Reproduce every record exactly as written.

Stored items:
───

Lemma biasymptotic_of_escape F b n u y0 : continuous F -> (forall x, F x <= b) ->
  (0 < n)%N -> iter n F u = u -> u < y0 < iter n F y0 -> exists y, biasymptotic F y.
Proof.
move=> Fc Fb n0 hu /andP[uy0 y0h]; set h := iter n F in hu y0h *.
have hc : continuous h := continuous_iter Fc.
have hb x : h x <= b by rewrite /h -(prednK n0); exact: Fb.
pose W := [set x | y0 <= x] `&` fixset h.
have [w0 /andP[y0w0 _] hw0] :=
  fixed_point_between hc (le_trans (ltW y0h) (hb _)) (ltW y0h) (hb b).
have lbW : has_lbound W by exists y0 => x [].
have [y0w hw] : W (inf W).
  apply: closed_inf_mem => //; last by exists w0; split.
  by apply: closedI; [exact: closed_ge | exact: closed_fixset].
set w := inf W in y0w hw.
have y0w' : y0 < w.
  by rewrite lt_neqAle y0w andbT; apply: contraTneq y0h => ->; rewrite hw ltxx.
(* Either h maps some x in [y0, w)
   beyond w, and then a preimage of w in (u, x] has an eventually fixed orbit, or
   the orbit of y0 increases to a limit in (y0, w]. *)
case: (pselect (exists2 x, y0 <= x < w & w <= h x)) => [[x /andP[y0x xw] wx]|jump].
  have : h u <= w <= h x by rewrite hu wx (le_trans (ltW uy0) y0w).
  case/(ivt_le hc (le_trans (ltW uy0) y0x)) => y /andP[uy yx] hy.
  have yw : y < w := le_lt_trans yx xw.
  have uy' : u < y.
    rewrite lt_neqAle uy andbT; apply: contraTneq y0w' => uy'.
    by move: hy; rewrite -uy' hu => <-; rewrite -leNgt ltW.
  have [fwd aper] := orbit_cvg_fixed hy hw (negbT (lt_eqF yw)).
  by exists y; apply: biasymptotic_of_orbit Fc n0 hu _ fwd aper; rewrite -/h hy uy' yw.
have hI x : y0 <= x < w -> x < h x < w.
  move=> /andP[y0x xw]; apply/andP; split; last first.
    by rewrite ltNge; apply: contra_notN jump => wx; exists x; rewrite ?y0x.
  rewrite ltNge; apply/negP => hxx.
  have [c /andP[y0c cx] hcc] := fixed_point_between hc y0x (ltW y0h) hxx.
  by have := ge_inf lbW (conj y0c hcc); rewrite -/w leNgt (le_lt_trans cx xw).
have [fwd aper] := orbit_cvg_increasing y0w' hI.
by exists y0; apply: biasymptotic_of_orbit Fc n0 hu _ fwd aper; rewrite uy0.
Qed.

Lemma iter_reflect F m x : iter m (fun z => - F (- z)) x = - iter m F (- x).
Proof. by elim: m => [|m IH]; rewrite ?opprK //= IH opprK. Qed.

Lemma biasymptotic_reflect F y :
  biasymptotic (fun z => - F (- z)) y -> biasymptotic F (- y).
Proof.
move=> [aper [n [xb [n0 xb0 xbS xbc fwd]]]]; split.
  by move=> m m0 E; apply: (aper m m0); rewrite iter_reflect E opprK.
exists n, (fun m => - xb m); split => //; first by rewrite xb0.
- by move=> m; rewrite -(xbS m) iter_reflect opprK.
- exact: is_cvgN.
have -> : (fun m => iter m (iter n F) (- y)) =
          (fun m => - iter m (iter n (fun z => - F (- z))) y).
  by apply: funext => m; rewrite -!iterM iter_reflect opprK.
exact: is_cvgN.
Qed.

───

[Solution to the exercise]
Lemma biasymptotic_of_escape F b n u y0 : continuous F -> (forall x, F x <= b) ->
  (0 < n)%N -> iter n F u = u -> u < y0 < iter n F y0 -> exists y, biasymptotic F y.
Proof.
move=> Fc Fb n0 hu /andP[uy0 y0h]; set h := iter n F in hu y0h *.
have hc : continuous h := continuous_iter Fc.
have hb x : h x <= b by rewrite /h -(prednK n0); exact: Fb.
pose W := [set x | y0 <= x] `&` fixset h.
have [w0 /andP[y0w0 _] hw0] :=
  fixed_point_between hc (le_trans (ltW y0h) (hb _)) (ltW y0h) (hb b).
have lbW : has_lbound W by exists y0 => x [].
have [y0w hw] : W (inf W).
  apply: closed_inf_mem => //; last by exists w0; split.
  by apply: closedI; [exact: closed_ge | exact: closed_fixset].
set w := inf W in y0w hw.
have y0w' : y0 < w.
  by rewrite lt_neqAle y0w andbT; apply: contraTneq y0h => ->; rewrite hw ltxx.
(* Either h maps some x in [y0, w)
   beyond w, and then a preimage of w in (u, x] has an eventually fixed orbit, or
   the orbit of y0 increases to a limit in (y0, w]. *)
case: (pselect (exists2 x, y0 <= x < w & w <= h x)) => [[x /andP[y0x xw] wx]|jump].
  have : h u <= w <= h x by rewrite hu wx (le_trans (ltW uy0) y0w).
  case/(ivt_le hc (le_trans (ltW uy0) y0x)) => y /andP[uy yx] hy.
  have yw : y < w := le_lt_trans yx xw.
  have uy' : u < y.
    rewrite lt_neqAle uy andbT; apply: contraTneq y0w' => uy'.
    by move: hy; rewrite -uy' hu => <-; rewrite -leNgt ltW.
  have [fwd aper] := orbit_cvg_fixed hy hw (negbT (lt_eqF yw)).
  by exists y; apply: biasymptotic_of_orbit Fc n0 hu _ fwd aper; rewrite -/h hy uy' yw.
have hI x : y0 <= x < w -> x < h x < w.
  move=> /andP[y0x xw]; apply/andP; split; last first.
    by rewrite ltNge; apply: contra_notN jump => wx; exists x; rewrite ?y0x.
  rewrite ltNge; apply/negP => hxx.
  have [c /andP[y0c cx] hcc] := fixed_point_between hc y0x (ltW y0h) hxx.
  by have := ge_inf lbW (conj y0c hcc); rewrite -/w leNgt (le_lt_trans cx xw).
have [fwd aper] := orbit_cvg_increasing y0w' hI.
by exists y0; apply: biasymptotic_of_orbit Fc n0 hu _ fwd aper; rewrite uy0.
Qed.

Lemma iter_reflect F m x : iter m (fun z => - F (- z)) x = - iter m F (- x).
Proof. by elim: m => [|m IH]; rewrite ?opprK //= IH opprK. Qed.

Lemma biasymptotic_reflect F y :
  biasymptotic (fun z => - F (- z)) y -> biasymptotic F (- y).
Proof.
move=> [aper [n [xb [n0 xb0 xbS xbc fwd]]]]; split.
  by move=> m m0 E; apply: (aper m m0); rewrite iter_reflect E opprK.
exists n, (fun m => - xb m); split => //; first by rewrite xb0.
- by move=> m; rewrite -(xbS m) iter_reflect opprK.
- exact: is_cvgN.
have -> : (fun m => iter m (iter n F) (- y)) =
          (fun m => - iter m (iter n (fun z => - F (- z))) y).
  by apply: funext => m; rewrite -!iterM iter_reflect opprK.
exact: is_cvgN.
Qed.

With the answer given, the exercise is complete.